关 键 词:矿山涌水  水化学  主成分分析  残差分析  水源数量  水源类型  离子浓度

End-members Identification of Mine Water Inrush Based on Hydrochemical Data: Principal Component Analysis and Residual Analysis
GU Hong-yu,MA Feng-shan,WANG Dong-hui,LI Sheng-wei,LIU Gang,XIANG Yuan-ying,GUO Zi-qi. End-members Identification of Mine Water Inrush Based on Hydrochemical Data: Principal Component Analysis and Residual Analysis[J]. Journal of Yanbian University (Natural Science), 2020, 0(1): 132-142. DOI: 10.19814/j.jese.2019.07014
Authors:GU Hong-yu  MA Feng-shan  WANG Dong-hui  LI Sheng-wei  LIU Gang  XIANG Yuan-ying  GUO Zi-qi
Affiliation:(1. Chengdu Center, China Geological Survey, Chengdu 610081, Sichuan, China; 2. Key Laboratory of Shale Gas and Geoengineering, Institute of Geology and Geophysics, Chinese Academy of Sciences, Beijing 100029, China; 3. Xi'an Center of Geological Survey, China Geological Survey, Xi'an 710054,Shaanxi, China; 4. Deyang Environmental Monitoring Center Station, Deyang 618000, Sichuan, China)

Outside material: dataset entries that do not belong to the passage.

Lemma exchange_big_nat_triangle (V : nmodType) p (F : nat -> nat -> V) :
  \sum_(0 <= j < p.+1) \sum_(0 <= i < (p - j).+1) F j i =
  \sum_(0 <= i < p.+1) \sum_(0 <= j < (p - i).+1) F j i.
Proof.
have widen q (G : nat -> V) : (q <= p)%N ->
    \sum_(0 <= i < (p - q).+1) G i = \sum_(0 <= i < p.+1 | (i + q <= p)%N) G i.
  move=> qp; rewrite (@big_nat_widen _ _ _ 0 (p - q).+1 p.+1) ?ltnS ?leq_subr //.
  by apply: eq_bigl => i; apply/idP/idP; lia.
rewrite (eq_big_nat _ _ (fun j jp => widen j (F j) _)); last by lia.
rewrite [RHS](eq_big_nat _ _ (fun i ip => widen i (F^~ i) _)); last by lia.
rewrite (exchange_big_dep_nat predT) //=; apply: eq_bigr => i _.
by apply: eq_bigl => j; rewrite addnC.
Qed.

Section Appell.
Variable R : comPzRingType.

Lemma exchange_big_bin p (F : nat -> nat -> R) :
  \sum_(0 <= j < p.+1) \sum_(0 <= i < (p - j).+1) 'C(p, j)%:R * 'C(p - j, i)%:R * F j i =
  \sum_(0 <= i < p.+1) \sum_(0 <= j < (p - i).+1) 'C(p, i)%:R * 'C(p - i, j)%:R * F j i.
Proof.
rewrite exchange_big_nat_triangle; do 2![apply: eq_bigr => ? _].
by rewrite -!natrM mul_bin_sub_swap.
Qed.

Definition appell (a : nat -> R) n x :=
  \sum_(0 <= i < n.+1) 'C(n, i)%:R * a i * x ^+ (n - i).

Lemma appell0 a n : appell a n 0 = a n.
Proof.
rewrite /appell big_nat_recr //= subnn binn mul1r mulr1 big1_seq ?add0r //.
move=> i /andP[_]; rewrite mem_index_iota => /andP[_ ilt].
by rewrite expr0n subn_eq0 leqNgt ilt mulr0.
Qed.

Lemma appell1 a n : appell a n 1 = \sum_(0 <= i < n.+1) 'C(n, i)%:R * a i.
Proof. by apply: eq_bigr => i _; rewrite expr1n mulr1. Qed.

Lemma appell1_sub a n :
  appell a n.+1 1 - a n.+1 = \sum_(0 <= i < n.+1) 'C(n.+1, i)%:R * a i.
Proof. by rewrite appell1 big_nat_recr //= binn mul1r addrK. Qed.

Lemma appellD a n x y :
  appell a n (x + y) = \sum_(0 <= i < n.+1) 'C(n, i)%:R * appell a (n - i) x * y ^+ i.
Proof.
have binomial q : (x + y) ^+ q =
    \sum_(0 <= i < q.+1) (x ^+ (q - i) * y ^+ i) *+ 'C(q, i).
  by rewrite exprDn big_mkord.
rewrite /appell; under eq_bigr do rewrite binomial mulr_sumr.
transitivity (\sum_(0 <= j < n.+1) \sum_(0 <= i < (n - j).+1)
    'C(n, j)%:R * 'C(n - j, i)%:R * (a j * x ^+ (n - i - j) * y ^+ i)).
  apply: eq_bigr => j _; apply: eq_bigr => i _.
  rewrite subnAC -mulr_natr; ring.
rewrite exchange_big_bin; apply: eq_bigr => i _.
rewrite mulr_sumr mulr_suml; apply: eq_bigr => j _; ring.
Qed.

Lemma sum_pascal_appell1 p (a g : nat -> R) :
  \sum_(0 <= j < p.+1) \sum_(0 <= i < (p - j).+1)
     'C(p, j)%:R * a j * 'C((p - j).+1, i)%:R * g i =
    \sum_(0 <= i < p.+1) 'C(p, i)%:R * appell a (p - i) 1 * g i
  + \sum_(1 <= i < p.+1) 'C(p, i.-1)%:R * (appell a (p - i).+1 1 - a (p - i).+1) * g i.
Proof.
have pascal q i : 'C(q.+1, i)%:R = 'C(q, i)%:R + (0 < i)%:R * 'C(q, i.-1)%:R :> R.
  by case: i => [|i]; rewrite ?bin0 ?mul0r ?addr0 // binS natrD mul1r.
transitivity (\sum_(0 <= j < p.+1) \sum_(0 <= i < (p - j).+1)
    'C(p, j)%:R * 'C(p - j, i)%:R * (a j * g i)
  + \sum_(0 <= j < p.+1) \sum_(0 <= i < (p - j).+1)
    'C(p, j)%:R * a j * ((0 < i)%:R * 'C(p - j, i.-1)%:R) * g i).
  rewrite -big_split /=; apply: eq_bigr => j _; rewrite -big_split /=.
  by apply: eq_bigr => i _; rewrite pascal; ring.
congr (_ + _).
  rewrite exchange_big_bin; apply: eq_bigr => i _.
  by rewrite appell1 mulr_sumr mulr_suml; apply: eq_bigr => j _; ring.
rewrite exchange_big_nat_triangle big_ltn // big1 ?add0r => [|j _]; last first.
  by rewrite mul0r mulr0 mul0r.
apply: eq_big_nat => -[//|i] /andP[_ ilt] /=.
rewrite appell1_sub (_ : (p - i.+1).+1 = p - i)%N; last by lia.
rewrite mulr_sumr mulr_suml; apply: eq_bigr => j _.
transitivity ('C(p, j)%:R * 'C(p - j, i)%:R * (a j * g i.+1)); first by ring.
by rewrite -natrM mul_bin_sub_swap natrM; ring.
Qed.

End Appell.

Arguments appell {R} a n x.

Lemma expfz_subn1 (F : fieldType) (x : F) n : x != 0 -> x ^ (n%:Z - 1) = x ^+ n / x.
Proof. by move=> x_neq0; rewrite expfzDr // exprN1. Qed.

Section PowerSeries.
Variable R : realType.

Lemma fps_mulC (a b : nat -> R) n : fps_mul R a b n = fps_mul R b a n.
Proof.
rewrite /fps_mul (reindex_inj rev_ord_inj); apply: eq_bigr => -[i ilt] _ /=.
by rewrite subSS subKn 1?mulrC // -ltnS.
Qed.

Lemma fps_exp0 n : fps_exp R 0 n = (n == 0)%:R.
Proof. by rewrite /fps_exp expr0n; case: n => [|n] /=; rewrite ?divr1 ?mul0r. Qed.

Lemma fps_mul_exp0 (c : nat -> R) n : fps_mul R c (fps_exp R 0) n = c n.
Proof.
rewrite /fps_mul big_ord_recr /= subnn fps_exp0 mulr1 big1 ?add0r // => i _.
by rewrite fps_exp0 subn_eq0 leqNgt ltn_ord mulr0.
Qed.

Abstract:Water inrush is a threat to mine safety, and the knowledge of water sources(end-members)identification is the foundation of prediction for potential disasters. Based on the multiple-stage hydrochemical data, a method using principal component analysis(PCA)and residual analysis was developed to identify the numbers and types of water sources. PCA can eliminate the redundancy and extract the structural information of original variables. Residual analysis is based on the results of PCA by extracting different numbers of principal components to reconstruct the ion concentrations, calculating the residual between reconstructed and measured ion concentrations, then, using the structural degree to identify the numbers and types of water sources. The results show that the accuracy is improved, and the structure of residual is eliminated with the increasing number of principal components. Using the 5 principal components can eliminate most of the structural information of main ions, and extract all the useful information in the case; meanwhile, 5 types of water sources, including seawater, Quaternary pore water, Ca-rich water, Mg-rich water and freshwater, are identified based on the different effects of each principal component to the residual and the relationships among ion concentrations.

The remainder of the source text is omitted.